::: RAW DATA :::
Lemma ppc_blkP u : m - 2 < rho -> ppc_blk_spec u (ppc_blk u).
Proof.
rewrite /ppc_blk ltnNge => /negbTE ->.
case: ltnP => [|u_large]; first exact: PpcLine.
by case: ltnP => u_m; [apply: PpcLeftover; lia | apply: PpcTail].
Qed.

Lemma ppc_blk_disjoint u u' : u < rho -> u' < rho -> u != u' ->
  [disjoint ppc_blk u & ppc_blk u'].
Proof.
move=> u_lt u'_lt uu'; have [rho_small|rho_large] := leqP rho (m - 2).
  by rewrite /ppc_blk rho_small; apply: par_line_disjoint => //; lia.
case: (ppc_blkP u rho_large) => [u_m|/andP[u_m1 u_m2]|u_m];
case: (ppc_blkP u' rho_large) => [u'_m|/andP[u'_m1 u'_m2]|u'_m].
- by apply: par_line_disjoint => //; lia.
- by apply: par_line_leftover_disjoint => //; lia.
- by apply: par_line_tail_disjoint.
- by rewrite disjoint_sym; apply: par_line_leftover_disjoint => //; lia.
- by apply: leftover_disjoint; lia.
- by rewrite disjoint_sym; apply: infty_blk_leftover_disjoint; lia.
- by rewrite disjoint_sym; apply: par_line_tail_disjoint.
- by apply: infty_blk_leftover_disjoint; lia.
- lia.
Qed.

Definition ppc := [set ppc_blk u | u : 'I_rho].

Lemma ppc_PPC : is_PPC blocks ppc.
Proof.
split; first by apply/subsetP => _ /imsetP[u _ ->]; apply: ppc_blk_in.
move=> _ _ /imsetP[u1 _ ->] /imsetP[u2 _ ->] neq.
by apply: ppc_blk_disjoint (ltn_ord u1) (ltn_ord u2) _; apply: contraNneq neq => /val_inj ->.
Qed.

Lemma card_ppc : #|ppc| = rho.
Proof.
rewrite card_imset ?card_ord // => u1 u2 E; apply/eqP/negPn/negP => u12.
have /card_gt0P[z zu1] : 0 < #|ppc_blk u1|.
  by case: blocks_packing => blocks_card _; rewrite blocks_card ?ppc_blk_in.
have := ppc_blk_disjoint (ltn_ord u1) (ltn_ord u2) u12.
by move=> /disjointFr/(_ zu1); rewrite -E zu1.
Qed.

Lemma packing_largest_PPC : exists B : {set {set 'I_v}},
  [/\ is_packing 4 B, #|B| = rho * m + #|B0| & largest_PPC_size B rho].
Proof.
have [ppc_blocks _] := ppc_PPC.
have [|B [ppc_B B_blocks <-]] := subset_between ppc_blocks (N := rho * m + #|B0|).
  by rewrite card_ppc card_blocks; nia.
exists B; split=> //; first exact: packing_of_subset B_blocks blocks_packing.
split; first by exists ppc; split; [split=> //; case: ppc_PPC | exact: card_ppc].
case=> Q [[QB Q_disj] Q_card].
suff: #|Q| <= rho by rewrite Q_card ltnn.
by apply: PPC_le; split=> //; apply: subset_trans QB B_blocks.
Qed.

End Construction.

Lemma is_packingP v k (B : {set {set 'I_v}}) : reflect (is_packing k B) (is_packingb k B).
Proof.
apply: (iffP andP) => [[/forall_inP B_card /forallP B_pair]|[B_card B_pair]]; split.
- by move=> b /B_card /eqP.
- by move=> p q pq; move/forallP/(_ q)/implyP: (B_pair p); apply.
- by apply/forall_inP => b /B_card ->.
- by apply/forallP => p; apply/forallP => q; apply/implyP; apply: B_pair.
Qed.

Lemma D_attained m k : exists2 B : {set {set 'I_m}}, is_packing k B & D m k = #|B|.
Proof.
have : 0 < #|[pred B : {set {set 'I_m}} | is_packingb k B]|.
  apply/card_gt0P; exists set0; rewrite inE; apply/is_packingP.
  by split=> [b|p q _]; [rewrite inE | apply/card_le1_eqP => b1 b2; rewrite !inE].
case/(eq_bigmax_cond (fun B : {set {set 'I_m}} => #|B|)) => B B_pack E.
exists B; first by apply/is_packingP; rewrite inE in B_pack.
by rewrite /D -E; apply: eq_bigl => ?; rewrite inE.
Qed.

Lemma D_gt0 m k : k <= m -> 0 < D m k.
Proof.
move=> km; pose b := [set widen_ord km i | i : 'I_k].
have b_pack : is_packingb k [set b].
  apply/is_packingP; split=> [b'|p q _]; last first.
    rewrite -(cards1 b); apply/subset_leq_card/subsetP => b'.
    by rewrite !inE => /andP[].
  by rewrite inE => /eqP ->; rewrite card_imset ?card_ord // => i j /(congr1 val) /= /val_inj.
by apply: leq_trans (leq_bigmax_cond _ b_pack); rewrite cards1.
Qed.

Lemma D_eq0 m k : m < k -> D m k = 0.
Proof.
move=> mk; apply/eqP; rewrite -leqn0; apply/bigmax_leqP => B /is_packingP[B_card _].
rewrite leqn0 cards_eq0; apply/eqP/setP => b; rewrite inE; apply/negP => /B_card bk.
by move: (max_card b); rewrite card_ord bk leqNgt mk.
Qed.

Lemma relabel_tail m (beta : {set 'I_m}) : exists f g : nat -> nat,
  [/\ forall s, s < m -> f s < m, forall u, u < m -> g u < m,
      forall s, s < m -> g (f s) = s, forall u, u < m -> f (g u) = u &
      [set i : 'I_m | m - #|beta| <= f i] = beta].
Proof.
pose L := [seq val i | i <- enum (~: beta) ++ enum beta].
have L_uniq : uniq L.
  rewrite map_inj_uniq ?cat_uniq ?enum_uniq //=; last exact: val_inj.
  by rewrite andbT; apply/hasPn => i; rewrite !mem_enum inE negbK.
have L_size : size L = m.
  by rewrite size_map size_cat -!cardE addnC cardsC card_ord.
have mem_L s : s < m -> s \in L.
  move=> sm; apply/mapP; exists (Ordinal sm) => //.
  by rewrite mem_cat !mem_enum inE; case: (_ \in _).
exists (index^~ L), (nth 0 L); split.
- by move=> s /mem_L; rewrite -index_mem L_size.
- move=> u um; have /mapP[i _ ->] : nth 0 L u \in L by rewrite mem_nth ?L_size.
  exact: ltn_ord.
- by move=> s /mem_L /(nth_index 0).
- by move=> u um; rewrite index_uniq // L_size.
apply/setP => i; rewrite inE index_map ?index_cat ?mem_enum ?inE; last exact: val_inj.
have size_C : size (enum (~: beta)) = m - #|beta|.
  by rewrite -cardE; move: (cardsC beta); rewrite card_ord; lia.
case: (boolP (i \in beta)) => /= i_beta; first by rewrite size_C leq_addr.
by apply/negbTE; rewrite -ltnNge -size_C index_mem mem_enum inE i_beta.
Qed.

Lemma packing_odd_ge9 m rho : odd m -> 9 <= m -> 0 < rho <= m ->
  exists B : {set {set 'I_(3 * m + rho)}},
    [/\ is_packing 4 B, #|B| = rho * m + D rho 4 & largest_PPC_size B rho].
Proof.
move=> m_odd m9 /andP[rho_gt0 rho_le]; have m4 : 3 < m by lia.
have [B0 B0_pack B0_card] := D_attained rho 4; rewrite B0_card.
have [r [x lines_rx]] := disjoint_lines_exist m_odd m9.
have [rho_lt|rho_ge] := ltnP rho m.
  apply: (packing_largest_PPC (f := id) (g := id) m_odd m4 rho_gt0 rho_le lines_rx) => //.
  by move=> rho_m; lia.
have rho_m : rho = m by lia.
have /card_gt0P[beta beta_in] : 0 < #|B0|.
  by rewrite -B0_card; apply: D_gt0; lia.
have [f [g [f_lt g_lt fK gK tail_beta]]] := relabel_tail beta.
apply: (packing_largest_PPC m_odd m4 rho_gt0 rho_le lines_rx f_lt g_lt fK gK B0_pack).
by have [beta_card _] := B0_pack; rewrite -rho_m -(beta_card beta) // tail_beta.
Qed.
:::
::: RAW DATA :::
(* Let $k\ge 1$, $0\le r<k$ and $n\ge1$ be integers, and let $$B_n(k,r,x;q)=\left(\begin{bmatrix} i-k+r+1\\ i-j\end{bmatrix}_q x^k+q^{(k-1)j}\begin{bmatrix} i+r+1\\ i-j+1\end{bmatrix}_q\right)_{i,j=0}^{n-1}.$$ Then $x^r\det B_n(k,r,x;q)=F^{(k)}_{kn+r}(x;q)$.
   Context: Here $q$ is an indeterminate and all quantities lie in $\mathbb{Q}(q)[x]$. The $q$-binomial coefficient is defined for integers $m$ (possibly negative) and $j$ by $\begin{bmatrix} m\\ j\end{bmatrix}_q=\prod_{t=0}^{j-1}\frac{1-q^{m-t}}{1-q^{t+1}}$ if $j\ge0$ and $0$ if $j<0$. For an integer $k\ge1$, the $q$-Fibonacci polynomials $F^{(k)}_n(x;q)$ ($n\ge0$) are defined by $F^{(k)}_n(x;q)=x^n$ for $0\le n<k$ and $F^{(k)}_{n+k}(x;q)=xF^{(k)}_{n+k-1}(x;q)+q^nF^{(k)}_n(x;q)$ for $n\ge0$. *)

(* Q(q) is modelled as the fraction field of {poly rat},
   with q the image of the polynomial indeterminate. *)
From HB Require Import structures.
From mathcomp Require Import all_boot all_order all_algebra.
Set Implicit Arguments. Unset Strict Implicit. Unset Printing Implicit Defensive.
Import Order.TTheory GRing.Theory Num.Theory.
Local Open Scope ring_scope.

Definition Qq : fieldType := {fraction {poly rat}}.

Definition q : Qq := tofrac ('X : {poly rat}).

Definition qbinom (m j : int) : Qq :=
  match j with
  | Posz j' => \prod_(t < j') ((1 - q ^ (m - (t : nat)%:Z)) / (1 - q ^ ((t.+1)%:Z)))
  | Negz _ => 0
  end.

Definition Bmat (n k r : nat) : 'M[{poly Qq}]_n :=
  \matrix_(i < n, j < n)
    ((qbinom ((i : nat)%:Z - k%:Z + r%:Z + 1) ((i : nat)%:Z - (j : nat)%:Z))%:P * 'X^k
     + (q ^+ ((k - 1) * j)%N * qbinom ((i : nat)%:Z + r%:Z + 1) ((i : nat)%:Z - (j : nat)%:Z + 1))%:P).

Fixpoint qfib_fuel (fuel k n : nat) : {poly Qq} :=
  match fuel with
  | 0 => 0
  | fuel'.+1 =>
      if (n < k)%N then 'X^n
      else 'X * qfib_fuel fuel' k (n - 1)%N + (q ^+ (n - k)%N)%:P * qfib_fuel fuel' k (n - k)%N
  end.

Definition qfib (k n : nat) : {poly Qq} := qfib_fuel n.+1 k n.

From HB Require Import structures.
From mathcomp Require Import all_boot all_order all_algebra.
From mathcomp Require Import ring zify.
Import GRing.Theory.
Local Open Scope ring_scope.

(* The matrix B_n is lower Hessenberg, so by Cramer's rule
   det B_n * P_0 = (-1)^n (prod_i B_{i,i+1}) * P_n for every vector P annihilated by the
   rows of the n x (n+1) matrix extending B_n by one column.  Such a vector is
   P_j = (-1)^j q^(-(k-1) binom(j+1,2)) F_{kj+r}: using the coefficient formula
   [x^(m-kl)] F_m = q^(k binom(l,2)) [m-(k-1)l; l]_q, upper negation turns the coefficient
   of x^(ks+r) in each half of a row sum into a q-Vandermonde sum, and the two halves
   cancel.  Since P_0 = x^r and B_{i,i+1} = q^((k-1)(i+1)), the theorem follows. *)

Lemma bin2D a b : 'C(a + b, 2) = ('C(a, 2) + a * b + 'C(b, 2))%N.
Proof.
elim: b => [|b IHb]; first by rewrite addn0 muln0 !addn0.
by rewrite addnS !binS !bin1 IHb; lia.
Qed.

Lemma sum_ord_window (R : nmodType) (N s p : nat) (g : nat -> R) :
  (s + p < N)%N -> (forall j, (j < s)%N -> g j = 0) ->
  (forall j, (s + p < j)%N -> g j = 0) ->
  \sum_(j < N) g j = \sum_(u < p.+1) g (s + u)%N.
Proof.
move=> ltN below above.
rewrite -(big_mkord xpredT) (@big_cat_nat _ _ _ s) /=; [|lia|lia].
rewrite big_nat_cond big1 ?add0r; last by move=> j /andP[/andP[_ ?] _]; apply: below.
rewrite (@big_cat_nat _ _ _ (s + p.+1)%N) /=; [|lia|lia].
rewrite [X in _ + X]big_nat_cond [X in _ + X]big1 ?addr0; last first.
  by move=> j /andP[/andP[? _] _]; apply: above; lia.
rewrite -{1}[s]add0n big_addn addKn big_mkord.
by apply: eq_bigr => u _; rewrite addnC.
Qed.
:::
Look above for the line holding "case/(eq_bigmax_cond (fun B" and the line holding "have b_pack : is_packingb k [set b].", then output exactly those two lines and every line between them, nothing more.

YOUR SOLUTION:
case/(eq_bigmax_cond (fun B : {set {set 'I_m}} => #|B|)) => B B_pack E.
exists B; first by apply/is_packingP; rewrite inE in B_pack.
by rewrite /D -E; apply: eq_bigl => ?; rewrite inE.
Qed.

Lemma D_gt0 m k : k <= m -> 0 < D m k.
Proof.
move=> km; pose b := [set widen_ord km i | i : 'I_k].
have b_pack : is_packingb k [set b].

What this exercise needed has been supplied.